◆ WHAT IS BEING ASKED: Look through the entries below and count the lines with the word "Import" in them; give only the number.

- - -

(* Let $\bm{\lambda}=\{\bm{\lambda}_k\}_{k\in\mathcal{K}}$, $\beta>0$ and $\epsilon>0$ be given. Suppose the ADMM iterates $\{\bm{x}_0^t,\{\bm{x}_k^t,(\bm{x}_k^{\text{base}})^t\}_{k\in\mathcal{K}},\{\bm{z}_k^t\}_{k\in\mathcal{K}}\}_{t\in\mathbb{N}}$ satisfy: (descent in base case update) $\bm{x}_0^{t+1}$ is a stationary point of the $\bm{x}_0$-subproblem and $f_0(\bm{x}_0^{t+1})+\sum_{k\in\mathcal{K}}\big(\langle\bm{y}_k^t,\bm{x}_0^{t+1}\rangle+\tfrac{\rho}{2}\|\bm{x}_0^{t+1}-(\bm{x}_k^{\text{base}})^t+\bm{z}_k^t\|^2\big)\le f_0(\bm{x}_0^{t})+\sum_{k\in\mathcal{K}}\big(\langle\bm{y}_k^t,\bm{x}_0^{t}\rangle+\tfrac{\rho}{2}\|\bm{x}_0^{t}-(\bm{x}_k^{\text{base}})^t+\bm{z}_k^t\|^2\big)$; (descent in contingency update) there is $\gamma>0$ such that for all $k\in\mathcal{K}$, $(\bm{x}_k^{t+1},(\bm{x}_k^{\text{base}})^{t+1})$ is a stationary point of the $k$-th contingency subproblem and $f_k(\bm{x}_k^{t+1})-\langle\bm{y}_k^t,(\bm{x}_k^{\text{base}})^{t+1}\rangle+\tfrac{\rho}{2}\|\bm{x}_0^{t+1}-(\bm{x}_k^{\text{base}})^{t+1}+\bm{z}_k^t\|^2\le f_k(\bm{x}_k^{t})-\langle\bm{y}_k^t,(\bm{x}_k^{\text{base}})^{t}\rangle+\tfrac{\rho}{2}\|\bm{x}_0^{t+1}-(\bm{x}_k^{\text{base}})^{t}+\bm{z}_k^t\|^2-\gamma\beta\|(\bm{x}_k^{\text{base}})^{t+1}-(\bm{x}_k^{\text{base}})^{t}\|^2$. Then ADMM finds an $\epsilon$-stationary solution of the augmented Lagrangian relaxation problem (in the sense defined in the context) in at most $$T\le\left\lceil\frac{2\rho^2|\mathcal{K}|\,(\overline{L}(\bm{\lambda},\beta)-\underline{L}(\bm{\lambda},\beta))}{\min\{\gamma\beta,(\beta+\rho)/2-\beta^2/\rho\}}\cdot\frac{1}{\epsilon^2}\right\rceil$$ iterations, where $\overline{L}(\bm{\lambda},\beta):=f_0(\bm{x}_0^0)+\sum_{k\in\mathcal{K}}\big(f_k(\bm{x}_k^0)+\langle\bm{\lambda}_k,\bm{z}_k^0\rangle+\tfrac{\beta}{2}\|\bm{z}_k^0\|^2\big)+\sum_{k\in\mathcal{K}}\big(\langle\bm{y}_k^0,\bm{x}_0^0-(\bm{x}_k^{\text{base}})^0+\bm{z}_k^0\rangle+\tfrac{\rho}{2}\|\bm{x}_0^0-(\bm{x}_k^{\text{base}})^0+\bm{z}_k^0\|^2\big)$ and $\underline{L}(\bm{\lambda},\beta):=\min\{\sum_{g\in\mathcal{G}}c_g(p_{g0}):p_{g0}\in[\underline{p}_g,\overline{p}_g]\ \forall g\in\mathcal{G}\}-\|\bm{\lambda}\|^2/\beta$.
   Context: Setting (smoothed two-stage SC-ACOPF): $\mathcal{G}$ is the set of generators, $\mathcal{K}$ the set of contingencies; $\bm{x}_0$ collects base case variables, $\bm{x}_k$ the variables of contingency $k$, and $\bm{x}_k^{\text{base}}$ is contingency $k$'s copy of $\bm{x}_0$. $X_0$ is the (closed) base case feasible set and $X_k$ the (closed, approximated) feasible set of $(\bm{x}_k,\bm{x}_k^{\text{base}})$. The costs are $f_0(\bm{x}_0)=\sum_{g\in\mathcal{G}}c_g(p_{g0})+\delta c_0^\sigma$ and $f_k(\bm{x}_k)=(1-\delta)\frac{1}{|\mathcal{K}|}c_k^\sigma$, where each $c_g$ is a convex piecewise linear increasing generation cost of base case active power $p_{g0}\in[\underline{p}_g,\overline{p}_g]$ and $c_k^\sigma\ge 0$ is a penalty cost (sum of convex piecewise linear increasing functions of nonnegative slack variables). Augmented Lagrangian relaxation (ALR) problem: minimize $f_0(\bm{x}_0)+\sum_{k\in\mathcal{K}}\big(f_k(\bm{x}_k)+\langle\bm{\lambda}_k,\bm{z}_k\rangle+\frac{\beta}{2}\|\bm{z}_k\|^2\big)$ subject to $\bm{x}_0-\bm{x}_k^{\text{base}}+\bm{z}_k=0$, $\bm{x}_0\in X_0$, $(\bm{x}_k,\bm{x}_k^{\text{base}})\in X_k$ for all $k\in\mathcal{K}$. ADMM is run with penalty $\rho=\tau\beta$, $\tau>1$, $\beta>1$, starting from $\bm{x}_0^0\in X_0$, $(\bm{x}_k^0,(\bm{x}_k^{\text{base}})^0)\in X_k$ and $(\bm{z}_k^0,\bm{y}_k^0)$ with $\bm{\lambda}_k+\beta\bm{z}_k^0+\bm{y}_k^0=0$, and updates $\bm{x}_0^{t+1}=\operatorname{argmin}_{\bm{x}_0\in X_0} f_0(\bm{x}_0)+\sum_{k}\big(\langle\bm{y}_k^t,\bm{x}_0\rangle+\frac{\rho}{2}\|\bm{x}_0-(\bm{x}_k^{\text{base}})^t+\bm{z}_k^t\|^2\big)$; $(\bm{x}_k^{t+1},(\bm{x}_k^{\text{base}})^{t+1})=\operatorname{argmin}_{(\bm{x}_k,\bm{x}_k^{\text{base}})\in X_k} f_k(\bm{x}_k)-\langle\bm{y}_k^t,\bm{x}_k^{\text{base}}\rangle+\frac{\rho}{2}\|\bm{x}_0^{t+1}-\bm{x}_k^{\text{base}}+\bm{z}_k^t\|^2$; $\bm{z}_k^{t+1}=\frac{1}{\beta+\rho}\big(\rho((\bm{x}_k^{\text{base}})^{t+1}-\bm{x}_0^{t+1})-\bm{\lambda}_k-\bm{y}_k^t\big)$; $\bm{y}_k^{t+1}=\bm{y}_k^t+\rho(\bm{x}_0^{t+1}-(\bm{x}_k^{\text{base}})^{t+1}+\bm{z}_k^{t+1})$. $\epsilon$-stationarity for the ALR problem: $(\bm{x}_0,\{\bm{x}_k,\bm{x}_k^{\text{base}}\},\{\bm{z}_k\})$ is $\epsilon$-stationary if there exist $\{\bm{y}_k\}$, $\bm{d}_0\in\partial f_0(\bm{x}_0)+\sum_k\bm{y}_k+\mathcal{N}_{X_0}(\bm{x}_0)$, and $\bm{d}_k\in[\tilde{\nabla}f_k(\bm{x}_k);-\bm{y}_k]+\mathcal{N}_{X_k}(\bm{x}_k,\bm{x}_k^{\text{base}})$ with $\tilde{\nabla}f_k(\bm{x}_k)\in\partial f_k(\bm{x}_k)$, such that $0=\bm{\lambda}_k+\beta\bm{z}_k+\bm{y}_k$ for all $k$, and with $\bm{s}_k:=\bm{x}_0-\bm{x}_k^{\text{base}}+\bm{z}_k$ we have $\max\{\|\bm{d}_0\|,\|\bm{d}_k\|,\|\bm{s}_k\|:k\in\mathcal{K}\}\le\epsilon$. Here $\partial$ is the general (limiting) subdifferential and $\mathcal{N}$ the general normal cone of variational analysis. *)

From HB Require Import structures.
From mathcomp Require Import all_boot all_order all_algebra.
From mathcomp Require Import all_classical all_reals all_analysis.
Set Implicit Arguments. Unset Strict Implicit. Unset Printing Implicit Defensive.
Import Order.TTheory GRing.Theory Num.Theory.
Local Open Scope classical_set_scope.
Local Open Scope ring_scope.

- - -

◆ EXERCISE OUTPUT: 4